We had been told that all our staff were now okay for housing, but “okay” to them apparently means something different than “okay” to us. As our team started making the rounds, it became apparent that some people were still in dire need of a better form of emergency shelter. Those that were most affected have set up very basic, temporary homes using salvaged materials including those taken from all the destruction at TSD. But it is often not nearly enough, even for a short amount of time. Some have only small pieces of tarp or coverings full of holes that leak in the rain. One had a piece of 2m x 2m tarp to shelter 5 people.  Others have moved in with relatives – including one living in a room with 21 other people. There simply isn’t anywhere undamaged and there is nowhere on the island that can accommodate the volume of displaced people.
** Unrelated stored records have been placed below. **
(* Consider a nonempty configuration with largest nonempty level $\lambda$, and let $G,G'$ be integers with $A(G)<2^b$ and $A(G')<2^b$. Then every level $\ell$ with $A_\ell(G)\ne A_\ell(G')$ lies in the integer interval $[\theta(H,z),\lambda]$, where $H=\max\{G,G'\}$ and $\theta(H,z)=-b-H-\lfloor\log_2z\rfloor$, and this interval contains at most $2b$ integers. In particular, at most $2b$ levels satisfy $A_\ell(G)\neq A_\ell(G')$.
   Context: Fix an integer $b\ge 2$. There is a set $\mathcal L$ of $N$ levels, which are consecutive integers. Each level $\ell$ holds a finite (possibly empty) multiset of normalized significands, each an integer in $[2^{b-1},2^b)$. Let $z$ be the total number of stored significands over all levels; assume $z<2^b$. For each level, $SS_\ell$ is the sum of its significands (so $SS_\ell=0$ iff the level is empty); set $SS_\ell=0$ for integers $\ell\notin\mathcal L$. The level weight is $W_\ell=SS_\ell2^\ell$. For an integer global shift $G$, $A_\ell(G)=\lfloor W_\ell2^G\rfloor+1$ if $SS_\ell>0$ and $A_\ell(G)=0$ if $SS_\ell=0$; $A(G)=\sum_\ell A_\ell(G)$. The configuration is nonempty if $z\ge1$. *)

From HB Require Import structures.
From mathcomp Require Import all_boot all_order all_algebra.
Set Implicit Arguments. Unset Strict Implicit. Unset Printing Implicit Defensive.
Import Order.TTheory GRing.Theory Num.Theory.
Local Open Scope ring_scope.

(* A configuration: the level set is L = {lo, lo+1, ..., lo+N-1} (N consecutive
   integers); S l is the multiset (as a list) of significands stored at level l.
   Levels outside L are required (by hypothesis in the theorem) to be empty. *)

Definition SS (S : int -> seq nat) (l : int) : nat := sumn (S l).

Definition Alev (S : int -> seq nat) (l G : int) : int :=
  if (SS S l == 0)%N then 0
  else Num.floor ((SS S l)%:R * (2%:R : rat) ^ l * (2%:R : rat) ^ G) + 1.

Definition Atot (lo : int) (N : nat) (S : int -> seq nat) (G : int) : int :=
  \sum_(i < N) Alev S (lo + (i : nat)%:Z) G.

Definition zcount (lo : int) (N : nat) (S : int -> seq nat) : nat :=
  \sum_(i < N) size (S (lo + (i : nat)%:Z)%R).

Definition theta (b : nat) (H : int) (z : nat) : int :=
  - (b%:Z) - H - (trunc_log 2 z)%:Z.

From HB Require Import structures.
From mathcomp Require Import all_boot all_order all_algebra.
From mathcomp Require Import zify.

Set Implicit Arguments.
Unset Strict Implicit.
Unset Printing Implicit Defensive.
Import Order.TTheory GRing.Theory Num.Theory.
Local Open Scope ring_scope.

(* A nonempty level has SS_l >= 2^(b-1) and SS_l < z 2^b < 2^(b + floor(log2 z) + 1).
   Below theta(H, z) every weight W_l 2^G, G <= H, is therefore < 1, so A_l(G) and
   A_l(G') both equal [SS_l > 0].  Above, 0 < lam + H would give W_lam 2^H >= 2^b, contradicting
   A(H) < 2^b; hence lam <= -H and the interval [theta, lam] has at most
   b + floor(log2 z) + 1 <= 2b elements. *)

Lemma sumn_lt_size_mul (s : seq nat) (M : nat) :
  (forall x, x \in s -> (x < M)%N) -> s != [::] -> (sumn s < size s * M)%N.
Proof.
elim: s => // x s IH ltM _ /=; rewrite mulSn.
have ltxM : (x < M)%N by apply: ltM; rewrite mem_head.
case: s IH ltM => [|y s] IH ltM; first by rewrite addn0 mul0n addn0.
rewrite -addSn leq_add // ltnW // IH // => t ts.
by apply: ltM; rewrite in_cons ts orbT.
Qed.

Lemma trunc_log_lt (p n m : nat) :
  (1 < p)%N -> (0 < n)%N -> (n < p ^ m)%N -> (trunc_log p n < m)%N.
Proof.
move=> p_gt1 n_gt0 n_lt; rewrite -(ltn_exp2l _ _ p_gt1).
exact: leq_ltn_trans (trunc_logP p_gt1 n_gt0) n_lt.
Qed.

Lemma card_shifted_ord_le (N n : nat) (lo a : int) (A : {set 'I_N}) :
  (forall i, i \in A -> a <= lo + (i : nat)%:Z < a + n%:Z) -> (#|A| <= n)%N.
Proof.
move=> inA; pose f (i : 'I_N) := absz (lo + (i : nat)%:Z - a)%R.
rewrite cardE -(size_map f) -(size_iota 0 n) uniq_leq_size //.
  rewrite map_inj_in_uniq ?enum_uniq // => i j.
  rewrite !mem_enum => /inA ? /inA ?; rewrite /f => fij; apply: val_inj => /=; lia.
move=> _ /mapP [i + ->]; rewrite mem_enum mem_iota => /inA ?; rewrite /f; lia.
Qed.

Lemma ord_shift_of_range (lo : int) (N : nat) (l : int) :
  lo <= l < lo + N%:Z -> exists i : 'I_N, lo + (i : nat)%:Z = l.
Proof.
move=> /andP [lo_le l_lt]; have ltN : (absz (l - lo) < N)%N by lia.
by exists (Ordinal ltN) => /=; lia.
Qed.

Lemma pow2_le (e f : int) : e <= f -> (2%:R : rat) ^ e <= 2%:R ^ f.
Proof.
move=> le_ef; rewrite -(subrK e f) expfzDr // ler_peMl ?exprz_ge0 //.
have : 0 <= f - e by rewrite subr_ge0.
by case: (f - e) => // k _; rewrite -exprnP exprn_ege1.
Qed.

Lemma floor_mul_pow2_small (m n : nat) (e : int) :
  (m < 2 ^ n)%N -> e <= - n%:Z -> Num.floor (m%:R * (2%:R : rat) ^ e) = 0.
Proof.
move=> m_lt e_le; apply/eqP; rewrite floor_eq add0r mulr_ge0 ?exprz_ge0 //=.
apply: (le_lt_trans (y := m%:R * 2%:R ^ (- n%:Z))); first by rewrite ler_wpM2l ?pow2_le.
rewrite -exprnN exprnP -exprnP.
by rewrite -[1%:~R]/1 ltr_pdivrMr ?exprn_gt0 // mul1r -natrX ltr_nat.
Qed.

Lemma floor_mul_pow2_large (m : nat) (e : int) :
  0 < e -> (2 * m)%:Z <= Num.floor (m%:R * (2%:R : rat) ^ e).
Proof.
move=> e_gt0; rewrite floor_ge_int PoszM intrM mulrC ler_wpM2l //.
by rewrite -[2%:~R]expr1z pow2_le.
Qed.

Lemma AlevE (S : int -> seq nat) (l G : int) :
  Alev S l G =
  if (SS S l == 0)%N then 0 else Num.floor ((SS S l)%:R * (2%:R : rat) ^ (l + G)) + 1.
Proof. by rewrite /Alev expfzDr ?mulrA. Qed.

Lemma Alev_nil (S : int -> seq nat) (l G : int) : S l = [::] -> Alev S l G = 0.
Proof. by rewrite /Alev /SS => ->. Qed.

Lemma Alev_ge0 (S : int -> seq nat) (l G : int) : 0 <= Alev S l G.
Proof.
by rewrite /Alev; case: eqP => // _; rewrite addr_ge0 // floor_ge0 !mulr_ge0 ?exprz_ge0.
Qed.

Lemma Alev_small_shift (S : int -> seq nat) (n : nat) (l G G' : int) :
  (SS S l < 2 ^ n)%N -> l + G <= - n%:Z -> l + G' <= - n%:Z ->
  Alev S l G = Alev S l G'.
Proof. by move=> SS_lt le_G le_G'; rewrite !AlevE !(floor_mul_pow2_small SS_lt). Qed.

Lemma Alev_large_shift (S : int -> seq nat) (m : nat) (l G : int) :
  (0 < m)%N -> (m <= SS S l)%N -> 0 < l + G -> (2 * m)%:Z < Alev S l G.
Proof.
move=> m_gt0 m_le lG_gt0; rewrite AlevE ifF; last by apply/negbTE; rewrite -lt0n; lia.
rewrite ltzD1 (le_trans _ (floor_mul_pow2_large _ lG_gt0)) // lez_nat; lia.
Qed.

Lemma Alev_le_Atot (lo : int) (N : nat) (S : int -> seq nat) (i : 'I_N) (G : int) :
  Alev S (lo + (i : nat)%:Z) G <= Atot lo N S G.
Proof. by rewrite /Atot (bigD1 i) //= lerDl sumr_ge0 // => j _; apply: Alev_ge0. Qed.

Section Configuration.

Variables (b : nat) (lo : int) (N : nat) (S : int -> seq nat).
Hypothesis supp : forall l : int, S l != [::] -> lo <= l < lo + N%:Z.
Hypothesis normal : forall (l : int) (x : nat), x \in S l -> (2 ^ b.-1 <= x < 2 ^ b)%N.

Lemma size_le_zcount (l : int) : S l != [::] -> (size (S l) <= zcount lo N S)%N.
Proof.
move=> /supp /ord_shift_of_range [i <-].
by rewrite /zcount (bigD1 i) //= leq_addr.
Qed.

Lemma SS_ge (l : int) : S l != [::] -> (2 ^ b.-1 <= SS S l)%N.
Proof.
rewrite /SS; case: (S l) (@normal l) => // x s x_normal _.
have /andP [le_x _] := x_normal x (mem_head x s).
by apply: leq_trans le_x (leq_addr _ _).
Qed.

Lemma SS_lt_pow (l : int) :
  (SS S l < 2 ^ (b + (trunc_log 2 (zcount lo N S)).+1))%N.
Proof.
rewrite /SS; have [-> | Sl_nil] := eqVneq (S l) [::]; first exact: expn_gt0.
apply: (leq_trans (sumn_lt_size_mul (fun x xS => proj2 (andP (normal xS))) Sl_nil)).
rewrite expnD mulnC leq_pmul2l ?expn_gt0 //.
exact: leq_trans (size_le_zcount Sl_nil) (ltnW (trunc_log_ltn _ _)).
Qed.

End Configuration.

Theorem mainTheorem12 (b : nat) (lo : int) (N : nat) (S : int -> seq nat)
    (lam G G' : int) :
  (2 <= b)%N ->
  (forall l : int, S l != [::] -> lo <= l < lo + N%:Z) ->
  (forall (l : int) (x : nat), x \in S l -> (2 ^ b.-1 <= x < 2 ^ b)%N) ->
  (zcount lo N S < 2 ^ b)%N ->
  (1 <= zcount lo N S)%N ->
  S lam != [::] ->
  (forall l : int, S l != [::] -> l <= lam) ->
  Atot lo N S G < (2 ^ b)%:Z ->
  Atot lo N S G' < (2 ^ b)%:Z ->
  [/\ (forall l : int, Alev S l G != Alev S l G' ->
          theta b (Order.max G G') (zcount lo N S) <= l <= lam),
      lam + 1 - theta b (Order.max G G') (zcount lo N S) <= (2 * b)%:Z
    & (#|[set i : 'I_N | Alev S (lo + (i : nat)%:Z) G
                          != Alev S (lo + (i : nat)%:Z) G']| <= 2 * b)%N].
Proof.
move=> b_ge2 supp normal z_lt z_gt0 lam_nil lam_max AG_lt AG'_lt.
set z := zcount lo N S; set H := Order.max G G'; set k := trunc_log 2 z.
have k_lt : (k < b)%N by apply: trunc_log_lt.
have AH_lt : Atot lo N S H < (2 ^ b)%:Z by rewrite /H maxEle; case: ifP.
have lamH_le0 : lam + H <= 0.
  rewrite leNgt; apply/negP => lamH_gt0.
  have [i i_lam] := ord_shift_of_range (supp _ lam_nil).
  have := Alev_large_shift (expn_gt0 2 b.-1) (SS_ge normal lam_nil) lamH_gt0.
  rewrite -expnS prednK ?(leq_trans _ b_ge2) // => large.
  have := Alev_le_Atot lo S i H; rewrite i_lam => /(lt_le_trans large).
  by rewrite ltNge ltW.
have diff_in : forall l, Alev S l G != Alev S l G' -> theta b H z <= l <= lam.
  move=> l; have [Sl_nil | Sl] := eqVneq (S l) [::]; first by rewrite !Alev_nil.
  move=> Adiff; rewrite lam_max // andbT leNgt; apply: contra Adiff => l_lt.
  have le_H : l + H <= - (b + k.+1)%N%:Z by move: l_lt; rewrite /theta -/k; lia.
  have [le_G le_G'] : G <= H /\ G' <= H by rewrite /H !le_max !lexx orbT.
  have := SS_lt_pow supp normal l; rewrite -/z -/k => SS_lt.
  by apply/eqP; apply: (Alev_small_shift SS_lt); lia.
have len_le : lam + 1 - theta b H z <= (2 * b)%:Z by rewrite /theta -/k; lia.
split=> //; apply: (card_shifted_ord_le (lo := lo) (a := theta b H z)) => i.
by rewrite inE => /diff_in; lia.
Qed.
So first thing to do as a “quick fix” was to bring in many rolls of tarpaulin as possible so we could at least provide cover. Store shelves are emptying as quickly as they are stocked in, so this has not been easy.  We generally just find one or two rolls here and there, and the price is going up week by week.  But we managed to get enough for all the most needy staff and so at least they have something as an interim measure to protect against the rain and sun.


Malapascua Island
Measuring up tarp for each staff member based on need
The tarp is carefully measured, named and assigned


As for proper rebuilding, everyone’s needs vary vastly; some only require a piece of metal roofing and a few nails, but many desperately need their entire home replaced.




But, finally (hooray!), we have been to every single house and have a rather scary shopping list for all their materials to get their homes back to the way they were before the typhoon. Amongst many other things this includes around 1000 pieces of lumber (10 various sizes), 350 pieces of metal roofing (5 different sizes), and 150kg nails (5 different sizes).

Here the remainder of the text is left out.